What else is there to say after the title, really? Funny that I'm talking about it like it has been around since the mainframe.
Oh yes, I remember now; it wasn't really that long ago. There was tedious initialization protocol everywhere something got constructed, and in a "real" system, that's a lot of places.
Of course, that information didn't just evaporate; it just got transformed into metadata. Anything can be solved with another level of indirection, whether it takes the form of anno.attributes or XML configuration verbosity.
And of course, there's the wonderful ability to control lifecycle policy, etc. Ahhhhh.....
Now remember how gak you feel when you have to go back to a codebase that doesn't use those techniques. Yes, I just worked on some. Work up some bile with me as you visualize a seemingly-endless if/else chain, checking for hard-coded strings, with even more hard-coded constructor sequences.
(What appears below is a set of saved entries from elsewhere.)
(* Let $\alpha>1$, $f\in SR_\alpha$, $b<\alpha$ and $k\in SR_b$. (i) There is $r_o>0$ such that for every $\Lambda>r_o$ the equation \[ g(\Lambda)f'(g(\Lambda))-f(g(\Lambda))+k(g(\Lambda))=\ln\Lambda \] has a unique solution $g\in SR_0$. Moreover, the function $h:(\ln r_o,\infty)\to\mathbb{R}$, $h(\Lambda)=g(\exp(\Lambda))$, belongs to $SR_{1/\alpha}$. (ii) For each $\gamma>0$ and $\delta>0$ there is $z>r_o$ such that for every $\Lambda>z$ and every $y\in[(\ln\Lambda)^{-\gamma},(\ln\Lambda)^{\gamma}]$, \[ \Big|g(\Lambda)\big[f'(g(y\Lambda))-f'(g(\Lambda))\big]-\ln y\Big|\le\delta|\ln y|. \] (iii) $\displaystyle\lim_{\Lambda\to\infty}\frac{g'(\Lambda)\Lambda\ln\Lambda}{g(\Lambda)}=\frac1\alpha$, $\displaystyle\lim_{\Lambda\to\infty}\frac{f(g(\Lambda))}{\ln\Lambda}=\frac1{\alpha-1}$, $\displaystyle\lim_{\Lambda\to\infty}\frac{g(\Lambda)f'(g(\Lambda))}{\ln\Lambda}=\frac{\alpha}{\alpha-1}$, and $\displaystyle\lim_{\Lambda\to\infty}\frac{g(\Lambda)f'(g(\Lambda))-f(g(\Lambda))}{\ln\Lambda}=1$. (iv) Let $k_0,k_1\in SR_b$ be such that $c:=\lim_{\Lambda\to\infty}(k_1(\Lambda)-k_0(\Lambda))\in\mathbb{R}$, and for $i\in\{0,1\}$ let $g_i$ be the unique solution of $g_i(\Lambda)f'(g_i(\Lambda))-f(g_i(\Lambda))+k_i(g_i(\Lambda))=\ln\Lambda$. Then for $i\in\{0,1\}$, \[ \lim_{\Lambda\to\infty}g_i(\Lambda)\big(f'(g_0(\Lambda))-f'(g_1(\Lambda))\big)=c. \]
   Context: A function $f:(z,\infty)\to\mathbb{R}$ is in $SR_\alpha$ (smoothly regularly varying with index $\alpha$) if $f$ is $C^\infty$, $z_o:=\max\{1,\sup\{\Lambda\ge z:f(\Lambda)\le0\}\}<\infty$, and $h(u):=\ln f(e^u)$ on $(\ln z_o,\infty)$ satisfies $h'(u)\to\alpha$ and $h^{(m)}(u)\to0$ for $m\ge2$ as $u\to\infty$. *)

From Stdlib Require Import Reals.
From Coquelicot Require Import Coquelicot.
Open Scope R_scope.

(* f : (z, oo) -> R is in SR_alpha (smoothly regularly varying with index alpha).
   f is a total function R -> R; only its values on (z, oo) matter. *)
Definition SR_on (z alpha : R) (f : R -> R) : Prop :=
  (forall (n : nat) (x : R), z < x -> ex_derive_n f n x) /\
  (* z_o = max{1, sup{L >= z : f L <= 0}} < oo, i.e. that set is bounded above *)
  (exists M : R, forall x : R, z < x -> f x <= 0 -> x <= M) /\
  (let h := fun u : R => ln (f (exp u)) in
   is_lim (Derive h) p_infty (Finite alpha) /\
   forall m : nat, (2 <= m)%nat -> is_lim (Derive_n h m) p_infty (Finite 0)).

Definition SR (alpha : R) (f : R -> R) : Prop := exists z : R, SR_on z alpha f.

Definition sol_eq (f k : R -> R) (L x : R) : Prop :=
  x * Derive f x - f x + k x = ln L.

Definition is_solution_map (f k : R -> R) (r : R) (g : R -> R) : Prop :=
  exists x_o : R, forall L : R, r < L ->
    x_o < g L /\ sol_eq f k L (g L) /\
    (forall x : R, x_o < x -> sol_eq f k L x -> x = g L).

(* Writing x = e^v and S(x) = x f'(x) - f(x) + k(x), the equation reads
   Phi(v) = ln ln L with Phi(v) = ln S(e^v) = h(v) + ln (h'(v) - 1 + k(e^v)/f(e^v)),
   where h = ln o f o exp.  As h' -> alpha and k/f -> 0 (because b < alpha), Phi' -> alpha
   while all higher derivatives of Phi vanish at infinity, so Phi has an increasing
   inverse H on a half-line and g(L) = exp (H (ln ln L)).  Then H' = 1/Phi'(H) -> 1/alpha
   with vanishing higher derivatives, which gives the regular variation of g and the first
   limit of (iii); the other limits of (iii) are those of f/S, x f'/S and (x f' - f)/S.
   Parts (ii) and (iv) rest on a single estimate: by Cauchy's mean value theorem for
   f'(e^v) and S(e^v), whose derivatives have ratio e^(-v) (1 + o(1)),
   x (f'(x') - f'(x)) = (1 + o(1)) (S(x') - S(x)) uniformly as ln x' - ln x -> 0.
   In (ii), S(g(yL)) - S(g(L)) = ln y; in (iv), S_0(g_1) - S_0(g_0) = k_0(g_1) - k_1(g_1),
   and ln g_1 - ln g_0 -> 0 because Phi_0 is bi-Lipschitz and ln S_0 - ln S_1 -> 0. *)

From Stdlib Require Import Reals Lra Lia ClassicalEpsilon.
From Coquelicot Require Import Coquelicot.
Open Scope R_scope.

Notation at_top := (Rbar_locally p_infty).

Lemma at_top_gt a : at_top (fun x => a < x).
Proof. exists a; auto. Qed.

Lemma at_top_forall_gt (P : R -> Prop) :
  at_top P -> at_top (fun t => forall x, t < x -> P x).
Proof. intros [M HM]; exists M; intros t Ht x Hx; apply HM; lra. Qed.

Lemma is_lim_at_top_near (p : R -> R) (l eps : R) :
  is_lim p p_infty l -> 0 < eps -> at_top (fun x => Rabs (p x - l) < eps).
Proof. intros Hp He; apply is_lim_spec in Hp; exact (Hp (mkposreal _ He)). Qed.

Lemma is_lim_at_top_gt (p : R -> R) (l c : R) :
  is_lim p p_infty l -> c < l -> at_top (fun x => c < p x).
Proof.
  intros Hp Hc; eapply filter_imp; [|exact (is_lim_at_top_near p l (l - c) Hp ltac:(lra))].
  intros x H; apply Rabs_def2 in H; lra.
Qed.

Lemma is_lim_at_top_lt (p : R -> R) (l c : R) :
  is_lim p p_infty l -> l < c -> at_top (fun x => p x < c).
Proof.
  intros Hp Hc; eapply filter_imp; [|exact (is_lim_at_top_near p l (c - l) Hp ltac:(lra))].
  intros x H; apply Rabs_def2 in H; lra.
Qed.

Lemma at_top_comp (q : R -> R) (P : R -> Prop) :
  is_lim q p_infty p_infty -> at_top P -> at_top (fun x => P (q x)).
Proof. intros Hq HP; exact (Hq P HP). Qed.

Lemma is_lim_comp_p_infty (p q : R -> R) (l : Rbar) :
  is_lim p p_infty l -> is_lim q p_infty p_infty -> is_lim (fun x => p (q x)) p_infty l.
Proof. intros Hp Hq; exact (filterlim_comp _ _ _ q p _ _ _ Hq Hp). Qed.

Lemma is_lim_mult_fin (p q : R -> R) (lp lq : R) :
  is_lim p p_infty lp -> is_lim q p_infty lq -> is_lim (fun x => p x * q x) p_infty (lp * lq).
Proof. intros Hp Hq; exact (is_lim_mult p q p_infty lp lq Hp Hq I). Qed.

Lemma is_lim_inv_fin (p : R -> R) (l : R) :
  is_lim p p_infty l -> l <> 0 -> is_lim (fun x => / p x) p_infty (/ l).
Proof. intros Hp Hl; apply (is_lim_inv p p_infty l Hp); congruence. Qed.

Lemma is_lim_exp_fin (p : R -> R) (l : R) :
  is_lim p p_infty l -> is_lim (fun x => exp (p x)) p_infty (exp l).
Proof. intros Hp; apply (is_lim_comp_continuous p exp p_infty l Hp), continuous_exp. Qed.

Lemma is_lim_ln_fin (p : R -> R) (l : R) :
  is_lim p p_infty l -> 0 < l -> is_lim (fun x => ln (p x)) p_infty (ln l).
Proof. intros Hp Hl; apply (is_lim_comp_continuous p ln p_infty l Hp), continuous_ln, Hl. Qed.

Lemma is_lim_exp_m_infty (p : R -> R) :
  is_lim p p_infty m_infty -> is_lim (fun x => exp (p x)) p_infty 0.
Proof. intros Hp; exact (filterlim_comp _ _ _ p exp _ _ _ Hp is_lim_exp_m). Qed.

Lemma is_lim_of_exp (p : R -> R) (l : Rbar) :
  is_lim (fun v => p (exp v)) p_infty l -> is_lim p p_infty l.
Proof.
  intros Hp; apply is_lim_ext_loc with (fun x => p (exp (ln x))).
  - exists 0; intros x Hx; rewrite exp_ln; auto.
  - exact (is_lim_comp_p_infty _ ln l Hp is_lim_ln_p).
Qed.

Lemma is_lim_abs_le (p q : R -> R) (C : R) :
  at_top (fun x => Rabs (p x) <= C * Rabs (q x)) -> is_lim q p_infty 0 -> is_lim p p_infty 0.
Proof.
  intros Hpq Hq.
  apply is_lim_le_le_loc with (fun x => - (C * Rabs (q x))) (fun x => C * Rabs (q x)).
  - eapply filter_imp; [|exact Hpq]. intros x H; apply Rabs_le_between; auto.
  - replace (Finite 0) with (Rbar_opp (Rbar_mult C (Rbar_abs 0))) by (simpl; f_equal; rewrite Rabs_R0; ring).
    apply is_lim_opp, is_lim_scal_l, is_lim_Rabs, Hq.
  - replace (Finite 0) with (Rbar_mult C (Rbar_abs 0)) by (simpl; f_equal; rewrite Rabs_R0; ring).
    apply is_lim_scal_l, is_lim_Rabs, Hq.
Qed.

Lemma is_lim_rel_error (p q : R -> R) (c : R) :
  is_lim q p_infty c ->
  (forall eps, 0 < eps -> at_top (fun x => Rabs (p x - q x) <= eps * Rabs (q x))) ->
  is_lim p p_infty c.
Proof.
  intros Hq Hpq. apply is_lim_spec; intros eps.
  set (e := eps / (2 * (Rabs c + 1))).
  assert (He : 0 < e) by (unfold e; apply Rdiv_lt_0_compat; [apply cond_pos | pose proof (Rabs_pos c); lra]).
  assert (He1 : e * (Rabs c + 1) = eps / 2) by (unfold e; field; pose proof (Rabs_pos c); lra).
  eapply filter_imp; [|exact (filter_and _ _ (Hpq e He) (is_lim_at_top_near q c (Rmin 1 (eps / 2)) Hq
       (Rmin_pos _ _ Rlt_0_1 (is_pos_div_2 eps))))].
  intros x [H1 H2].
  assert (Hq1 : Rabs (q x) <= Rabs c + 1).
  { pose proof (Rabs_triang_inv (q x) c); pose proof (Rmin_l 1 (eps / 2)); lra. }
  replace (p x - c) with ((p x - q x) + (q x - c)) by ring.
  eapply Rle_lt_trans; [apply Rabs_triang|].
  assert (e * Rabs (q x) <= e * (Rabs c + 1)) by (apply Rmult_le_compat_l; lra).
  pose proof (Rmin_r 1 (eps / 2)); lra.
Qed.

(** * Smoothness on half-lines *)

Fixpoint diff_on (n : nat) (a : R) (p : R -> R) : Prop :=
  match n with
  | O => True
  | S n => (forall x, a < x -> ex_derive p x) /\ diff_on n a (Derive p)
  end.

Definition smooth_on (a : R) (p : R -> R) : Prop := forall n, diff_on n a p.

Lemma locally_gt a x : a < x -> locally x (fun y => a < y).
Proof.
  intros H; assert (He : 0 < x - a) by lra; exists (mkposreal _ He).
  intros y Hy; change (Rabs (y - x) < x - a) in Hy; apply Rabs_def2 in Hy; lra.
Qed.

Lemma locally_of_gt (P : R -> Prop) a x : (forall y, a < y -> P y) -> a < x -> locally x P.
Proof. intros HP Hx; eapply filter_imp; [exact HP | exact (locally_gt a x Hx)]. Qed.

Lemma diff_on_S n a p : diff_on (S n) a p -> diff_on n a p.
Proof.
  revert p; induction n as [|n IH]; intros p [H1 H2]; [exact I | split; auto].
Qed.

Lemma diff_on_mono n a a' p : a <= a' -> diff_on n a p -> diff_on n a' p.
Proof.
  intros Ha; revert p; induction n as [|n IH]; intros p H; simpl in *; auto.
  destruct H as [H1 H2]; split; auto. intros x Hx; apply H1; lra.
Qed.

Lemma smooth_on_mono a a' p : a <= a' -> smooth_on a p -> smooth_on a' p.
Proof. intros Ha H n; exact (diff_on_mono n a a' p Ha (H n)). Qed.

Lemma diff_on_ext n a p q : (forall x, a < x -> p x = q x) -> diff_on n a p -> diff_on n a q.
Proof.
  revert p q; induction n as [|n IH]; intros p q E H; simpl in *; auto.
  destruct H as [H1 H2]; split.
  - intros x Hx; apply ex_derive_ext_loc with p; [apply (locally_of_gt _ a); auto | auto].
  - apply IH with (Derive p); auto.
    intros x Hx; apply Derive_ext_loc, (locally_of_gt _ a); auto.
Qed.

Lemma smooth_on_Derive a p : smooth_on a p -> smooth_on a (Derive p).
Proof. intros H n; exact (proj2 (H (S n))). Qed.

Lemma smooth_on_ex_derive a p x : smooth_on a p -> a < x -> ex_derive p x.
Proof. intros H Hx; exact (proj1 (H 1%nat) x Hx). Qed.

Lemma at_top_ex_derive_of_smooth p :
  at_top (fun t => smooth_on t p) -> at_top (fun x => ex_derive p x).
Proof.
  intros [M HM]; exists (M + 1); intros x Hx; apply (smooth_on_ex_derive (M + 1)); auto; apply HM; lra.
Qed.

Lemma at_top_locally (P : R -> Prop) : at_top P -> at_top (fun x => locally x P).
Proof. intros [M HM]; exists M; intros x Hx; apply (locally_of_gt _ M); auto. Qed.

Lemma Derive_n_Derive n p x : Derive_n (Derive p) n x = Derive_n p (S n) x.
Proof. rewrite (Derive_n_comp p n 1), Nat.add_1_r; reflexivity. Qed.

Lemma smooth_on_ex_derive_Derive_n a p n x :
  smooth_on a p -> a < x -> ex_derive (Derive_n p n) x.
Proof.
  revert p; induction n as [|n IH]; intros p H Hx.
  - exact (smooth_on_ex_derive a p x H Hx).
  - apply ex_derive_ext with (Derive_n (Derive p) n); [intros; apply Derive_n_Derive|].
    apply IH; [apply smooth_on_Derive, H | exact Hx].
Qed.

Lemma smooth_on_iff a p : smooth_on a p <-> forall n x, a < x -> ex_derive_n p n x.
Proof.
  split.
  - intros H [|n] x Hx; simpl; [exact I | exact (smooth_on_ex_derive_Derive_n a p n x H Hx)].
  - intros H n.
    assert (H' : forall j x, a < x -> ex_derive (Derive_n p j) x) by (intros j x Hx; exact (H (S j) x Hx)).
    clear H; revert p H'; induction n as [|n IH]; intros p H; simpl; auto.
    split; [exact (H 0%nat) |].
    apply IH; intros j x Hx.
    apply ex_derive_ext with (Derive_n p (S j)); [intros; symmetry; apply Derive_n_Derive | auto].
Qed.

Lemma diff_on_const n a c : diff_on n a (fun _ => c).
Proof.
  revert c; induction n as [|n IH]; intros c; simpl; auto. split.
  - intros; apply ex_derive_const.
  - apply diff_on_ext with (fun _ => 0); auto. intros; rewrite Derive_const; auto.
Qed.

Lemma diff_on_id n a : diff_on n a (fun x => x).
Proof.
  destruct n; simpl; auto. split.
  - intros; apply ex_derive_id.
  - apply diff_on_ext with (fun _ => 1); [intros x _; rewrite Derive_id; auto | apply diff_on_const].
Qed.

Lemma diff_on_plus n a p q : diff_on n a p -> diff_on n a q -> diff_on n a (fun x => p x + q x).
Proof.
  revert p q; induction n as [|n IH]; intros p q Hp Hq; simpl in *; auto.
  destruct Hp as [Hp1 Hp2], Hq as [Hq1 Hq2]; split.
  - intros x Hx; apply (ex_derive_plus p q); auto.
  - apply diff_on_ext with (fun x => Derive p x + Derive q x); auto.
    intros x Hx; rewrite Derive_plus; auto.
Qed.

Lemma diff_on_mult n a p q : diff_on n a p -> diff_on n a q -> diff_on n a (fun x => p x * q x).
Proof.
  revert p q; induction n as [|n IH]; intros p q Hp Hq; simpl; auto.
  pose proof (diff_on_S _ _ _ Hp) as Hp'; pose proof (diff_on_S _ _ _ Hq) as Hq'.
  destruct Hp as [Hp1 Hp2], Hq as [Hq1 Hq2]; split.
  - intros x Hx; apply ex_derive_mult; auto.
  - apply diff_on_ext with (fun x => Derive p x * q x + p x * Derive q x).
    + intros x Hx; rewrite Derive_mult; auto.
    + apply diff_on_plus; auto.
Qed.
(* Let $M\subsetneq F$ be a graded submodule, $\prec$ a monomial order on $F$, and $G$ a homogeneous Gröbner basis of $M$ with respect to $\prec$. Then $N_M$ admits an $l$-standard cone decomposition $Q$ such that \[ G'=\{g\in G:\deg(g)\le\max\{1+\deg(Q),\,l\}\} \] is also a Gröbner basis of $M$ with respect to $\prec$. In particular, the reduced Gröbner basis of $M$ with respect to $\prec$ has degree at most $\max\{1+\deg(Q),l\}$.
   Context: Standing notation. $S=\mathbb{K}[x_1,\dots,x_n]$ is standard graded, and $F=Se_1\oplus\cdots\oplus Se_m$ is a graded free module with $\deg(e_j)\ge0$ integers; $l=\max_j\deg(e_j)$. Monomials of $F$ are $x^\alpha e_j$ of degree $|\alpha|+\deg(e_j)$. For a monomial order $\prec$ and a submodule $M$, $N_M$ is the $\mathbb{K}$-span of the monomials of $F$ not in $\mathrm{in}_\prec(M)$. Cones. For a homogeneous $h\in F$ and $u\subseteq\{x_1,\dots,x_n\}$, the cone $C(h,u)=h\,\mathbb{K}[u]$ has degree $\deg(h)$ and dimension $|u|$. A cone decomposition of a $\mathbb{K}$-subspace $T\subseteq F$ is a finite set $P$ of cones with $T=\bigoplus_{C\in P}C$ as $\mathbb{K}$-vector spaces; $\deg(P)=\max_{C\in P}\deg(C)$, and $P^+=\{C\in P:\dim C>0\}$. $P$ is $q$-standard if (1) no $C\in P^+$ has $\deg(C)<q$, and (2) for every $C\in P^+$ and every integer $d$ with $q\le d\le\deg(C)$ there is $C'\in P$ with $\deg(C')=d$ and $\dim(C')\ge\dim(C)$. *)

(* Multivariate polynomials are not available, so the free
   module F = S e_1 + ... + S e_m over S = K[x_1..x_n] is encoded directly:
   an element of F is a finitely supported function from monomials of F to K. *)
From HB Require Import structures.
From mathcomp Require Import all_boot all_order all_algebra.
From Stdlib Require Lists.List.
Set Implicit Arguments. Unset Strict Implicit. Unset Printing Implicit Defensive.
Import GRing.Theory.
Local Open Scope ring_scope.

Notation expv n := {ffun 'I_n -> nat}.
(* monomials x^alpha e_j of F *)
Definition mon (n m : nat) := (expv n * 'I_m)%type.
(* (possibly non-finitely-supported) coefficient functions; elements of F are
   those satisfying [finsupp] *)
Definition vec (K : fieldType) (n m : nat) := mon n m -> K.

Record cone (K : fieldType) (n m : nat) := Cone {
  cgen : vec K n m;
  cvars : {set 'I_n};
  cdeg : nat
}.

Section Defs.
Variables (K : fieldType) (n m : nat).
Local Notation mon := (mon n m).
Local Notation vec := (vec K n m).
Local Notation cone := (cone K n m).

Definition vzero : vec := fun _ => 0.

Definition finsupp (f : vec) : Prop :=
  exists s : seq mon, forall mu, f mu != 0 -> mu \in s.

Definition mdeg (deg : 'I_m -> nat) (mu : mon) : nat :=
  (\sum_(i < n) mu.1 i + deg mu.2)%N.

Definition homog (deg : 'I_m -> nat) (f : vec) (d : nat) : Prop :=
  forall mu, f mu != 0 -> mdeg deg mu = d.

Definition deg_le (deg : 'I_m -> nat) (f : vec) (b : nat) : Prop :=
  forall mu, f mu != 0 -> (mdeg deg mu <= b)%N.

Definition mmul (g : expv n) (mu : mon) : mon :=
  ([ffun i => (g i + mu.1 i)%N], mu.2).

Definition mdvd (nu mu : mon) : bool :=
  (nu.2 == mu.2) && [forall i, (nu.1 i <= mu.1 i)%N].

(* x^gamma * f *)
Definition shift (g : expv n) (f : vec) : vec := fun mu =>
  if [forall i, (g i <= mu.1 i)%N]
  then f ([ffun i => (mu.1 i - g i)%N], mu.2) else 0.

Definition is_submodule (M : vec -> Prop) : Prop :=
  (forall f, M f -> finsupp f) /\ M vzero /\
  (forall f g, M f -> M g -> M (fun mu => f mu + g mu)) /\
  (forall a f, M f -> M (fun mu => a * f mu)) /\
  (forall g f, M f -> M (shift g f)).

Definition homog_comp (deg : 'I_m -> nat) (d : nat) (f : vec) : vec :=
  fun mu => if mdeg deg mu == d then f mu else 0.

Definition is_graded (deg : 'I_m -> nat) (M : vec -> Prop) : Prop :=
  forall f, M f -> forall d, M (homog_comp deg d f).

Definition is_proper_submod (M : vec -> Prop) : Prop :=
  exists f, finsupp f /\ ~ M f.
Lemma Pm_sum : \sum_r x 0 r = k%:R.
Proof.
have sum_w (i j : 'I_N) : \sum_r wij R i j 0 r = k%:R.
  under eq_bigr do rewrite wijE.
  by rewrite !sumrB !sum_delta1 sumr_const card_ord -[2^-1 *+ _]mulr_natr natr_N; field.
have lin s a (y z : 'rV[R]_N) :
    s * \sum_r (a *: y + z) 0 r = a * (s * \sum_r y 0 r) + s * \sum_r z 0 r.
  by under eq_bigr do rewrite !mxE; rewrite big_split /= -mulr_sumr; ring.
have ge s : s * k%:R <= s * \sum_r x 0 r.
  by apply: (Pm_lb (lin s)) => [S <-|p q _]; rewrite ?sum_vS ?sum_w.
by have := ge 1; have := ge (-1); lra.
Qed.

Lemma Pm_sum_shift c :
  \sum_(r | r != c) (x 0 r + x 0 c) = k%:R * (1 + 2 * x 0 c) + 2 * x 0 c.
Proof.
rewrite big_split /= sumr_const cardC1 card_ord -[x 0 c *+ _]mulr_natr.
rewrite -subn1 natrB ?addn_gt0 ?orbT //.
by have := Pm_sum; rewrite (bigD1 c) //= natr_N; lra.
Qed.

Lemma Pm_coord_ge c : - 2^-1 <= x 0 c.
Proof.
apply: (Pm_lb (phi := fun y => y 0 c)) => [a y z|S _|i j ij]; rewrite ?vSE ?wijE ?mxE //.
  by case: (c \in S) => /=; lra.
by have := eq_indicators_le1 R c ij; lra.
Qed.

Lemma Pm_coord_le c : x 0 c <= 1.
Proof.
rewrite -[x 0 c]opprK lerNl.
apply: (Pm_lb (phi := fun y => - y 0 c)) => [a y z|S _|i j ij]; rewrite ?vSE ?wijE ?mxE.
- by ring.
- by case: (c \in S) => /=; lra.
- by case: (c == i); case: (c == j) => /=; lra.
Qed.
Lemma lead_term_sum n (F : 'I_n -> P3 C) c i j k :
  (forall t, lead_term (F t) c i j k) -> lead_term (\sum_(t < n) F t) (c *+ n) i j k.
Proof.
elim: n F => [|n IH] F lt_F.
  by rewrite big_ord0 mulr0n; exists 0; rewrite ?tdeg0 // pconst0 mul0r addr0.
by rewrite big_ord_recr mulrSr; apply: lead_termD; [apply: IH|].
Qed.

Lemma lead_termM p q c d i j k i' j' k' :
  lead_term p c i j k -> lead_term q d i' j' k' ->
  (0 < i + j + k)%N -> (0 < i' + j' + k')%N ->
  lead_term (p * q) (c * d) (i + i') (j + j') (k + k').
Proof.
case=> p' -> le_p' [q' -> le_q'] pos pos'.
exists (pconst c * monomial i j k * q' + p' * (pconst d * monomial i' j' k') + p' * q').
  rewrite mulrDr !mulrDl -!addrA mulrACA pconstM monomialM.
  by congr (_ + _); rewrite addrCA.
have lead_q := tdeg_pconst_monomial d i' j' k'.
have lead_p := tdeg_pconst_monomial c i j k.
repeat apply: tdegD_le.
- by apply: leq_trans (tdegM_le lead_p le_q') _; lia.
- by apply: leq_trans (tdegM_le le_p' lead_q) _; lia.
- by apply: leq_trans (tdegM_le le_p' le_q') _; lia.
Qed.

Lemma lead_termMX p q c d i j k i' j' k' e :
  lead_term p c i j k -> lead_term q d i' j' k' ->
  (0 < i + j + k)%N -> (0 < i' + j' + k')%N ->
  lead_term (p * q ^+ e) (c * d ^+ e) (i + i' * e) (j + j' * e) (k + k' * e).
Proof.
move=> lt_p lt_q pos pos'.
elim: e p c i j k pos lt_p => [|e IH] p c i j k pos lt_p.
  by rewrite !expr0 !mulr1 !muln0 !addn0.
rewrite !exprS !mulrA !mulnS !addnA.
by apply: IH; [lia | apply: lead_termM].
Qed.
Now it's hard to implement a nice dynamically-loaded-module class and object factory cough use ATL cough in C++; That darned Windows LoadLibrary() is so hard to use, and that GetProcAddress() just can't find a mangled name to save its life.
Let's face it, some platforms make it way easier; dynamic platforms like Java/.NET allow even amateurs to build factories cough get an open source DI container cough, and let's face it, this is for the better.
Now some dinosaurs won't get it, but they are going extinct; next they will be telling you the world is flat, and how can you argue with such an arcane point-of-view?